[swift-evolution] [pitch] Comparison Reform
xiaodi.wu at gmail.com
Sat Apr 15 17:34:27 CDT 2017
On Sat, Apr 15, 2017 at 5:25 PM, Karl Wagner via swift-evolution <
swift-evolution at swift.org> wrote:
> I think consideration should be given to a design that achieves a
> user-facing but not onerous differentiation between level 1 and level 2
> equality. However, the only one I can think of is essentially a different
> shade of the `PartiallyComparable` alternative already outlined in the
> I am *deeply* opposed to such a protocol. It is purely syntactic in
> nature and thus useless for correctly constraining generic algorithms.

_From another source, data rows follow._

(* Let $r\in(0,1]$, let $x^*$ be a stationary state of the recombinator dynamics with rate $r$, let $d\in D$ and $a_d\in A_d\setminus\operatorname{supp}_d(x^* )$. Write $\hat u(a)=u_{x^*}(a)/u_{x^*}$ and, for $y\in\Delta(\operatorname{supp}_{-d}(x^* ))$, $\hat u(a_d|y)=\sum_{a'_{-d}\in\operatorname{supp}_{-d}(x^* )}\hat u(a_d,a'_{-d})y(a'_{-d})$. Consider the partner dynamics on $\Delta(\operatorname{supp}_{-d}(x^* ))$: $$\dot y(a_{-d})=(1-r)\hat u(a_d,a_{-d})y(a_{-d})+r\,\hat u(a_d|y)\prod_{d'\neq d}x^*(a_{d'})-y(a_{-d})\,\hat u(a_d|y),\qquad a_{-d}\in\operatorname{supp}_{-d}(x^* ).$$ Then its stationary points are exactly the solutions $\eta$ of the stable-partner equation (below), and from every initial condition $y^0\in\Delta(\operatorname{supp}_{-d}(x^* ))$ the trajectory satisfies $y^t\to\eta^{a_d}_{x^*}$ as $t\to\infty$; that is, the stable partner distribution $\eta^{a_d}_{x^*}$ is the unique globally stable equilibrium of the partner dynamics.
   Context: Setting: $D=\{1,\dots,|D|\}$ finite, $|D|\ge2$; finite trait sets $A_d$; types $A=\prod_dA_d$, $a=(a_d,a_{-d})$, $a_{-d}=(a_{d'})_{d'\neq d}\in\prod_{d'\ne d}A_{d'}$. Payoff $u:A\times A\to\mathbb{R}_{>0}$; for $x\in\Delta(A)$: $u_x(a)=\sum_{a'}x(a')u(a,a')$, $u_x=\sum_ax(a)u_x(a)$, $x(a_d)=\sum_{a_{-d}}x(a_d,a_{-d})$, $x(a_{-d})=\sum_{a_d}x(a_d,a_{-d})$, $\operatorname{supp}_d(x)=\{a_d:x(a_d)>0\}$, $\operatorname{supp}_{-d}(x)=\{a_{-d}:x(a_{-d})>0\}$, trait payoff $u_x(a_d)=\frac1{x(a_d)}\sum_{a_{-d}}x(a_d,a_{-d})u_x(a_d,a_{-d})$ (with $x(a_d)u_x(a_d):=\sum_{a_{-d}}x(a_d,a_{-d})u_x(a_d,a_{-d})$). Recombinator dynamics with rate $r$: $\dot x(a)=(1-r)\frac{x(a)u_x(a)}{u_x}+r\prod_{a_d\in a}\frac{x(a_d)u_x(a_d)}{u_x}-x(a)$; stationary means $\dot x=0$. The stable partner distribution $\eta^{a_d}_{x^*}\in\Delta(\operatorname{supp}_{-d}(x^* ))$ is the unique solution of $\eta(a_{-d})=(1-r)\frac{\eta(a_{-d})u_{x^*}(a_d,a_{-d})}{\sum_{a'_{-d}\in\operatorname{supp}_{-d}(x^* )}\eta(a'_{-d})u_{x^*}(a_d,a'_{-d})}+r\prod_{d'\ne d}x^*(a_{d'})$ for all $a_{-d}\in\operatorname{supp}_{-d}(x^* )$. *)

From HB Require Import structures.
From mathcomp Require Import all_boot all_order all_algebra.
From mathcomp Require Import all_classical all_reals all_analysis.
Set Implicit Arguments. Unset Strict Implicit. Unset Printing Implicit Defensive.
Import Order.TTheory GRing.Theory Num.Theory.
Import numFieldNormedType.Exports.
Local Open Scope classical_set_scope.
Local Open Scope ring_scope.

Section Recomb.
Variables (n : nat) (A : 'I_n -> finType) (R : realType).

Definition Prof := {dffun forall d : 'I_n, A d}.
(* partial profiles a_{-d} = (a_{d'})_{d' <> d} *)
Definition Other (d : 'I_n) := {d' : 'I_n | d' != d}.
Definition Rest (d : 'I_n) := {dffun forall d' : Other d, A (val d')}.

Definition restr (d : 'I_n) (a : Prof) : Rest d :=
  [ffun d' : Other d => a (val d')].

Definition neq_of (d d' : 'I_n) (ne : d <> d') : d' != d :=
  introN eqP (fun h : d' = d => ne (esym h)).

(* the type (a_d, a_{-d}) *)
Definition join (d : 'I_n) (ad : A d) (am : Rest d) : Prof :=
  @finfun _ (fun d' => A d')
    (fun d' => match d =P d' with
               | ReflectT e => eq_rect d A ad d' e
               | ReflectF ne => am (exist _ d' (neq_of ne))
               end).

Variable u : Prof -> Prof -> R.

Definition simplex (x : Prof -> R) := (forall a, 0 <= x a) /\ \sum_a x a = 1.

> People will use it anyway, resulting in algorithms that statically
> accept, but are incorrect for, floating point. In my opinion there's
> only one feasible answer that doesn't use the static/dynamic distinction
> we've proposed: throw IEEE semantics under the bus, making it available
> only under a different syntax.
> This would be a drastic move whose primary downside is that floating
> point code ported from C would need to be carefully audited and may
> become less easy to read. But at least it would be viable.
> Yeah, I think it should really be considered. An IEEEComparable protocol,
> defining methods such as “isEqualTo”, “isLessThan”, etc would make the
> distinction clearer.
> And, as you said, not many people really know or care about the IEEE
> comparison special cases. It’s a bit of an expert field. Is it that bad to
> ask experts who explicitly care about the order between +/- 0 or different
> NaNs to use a special function for that behaviour?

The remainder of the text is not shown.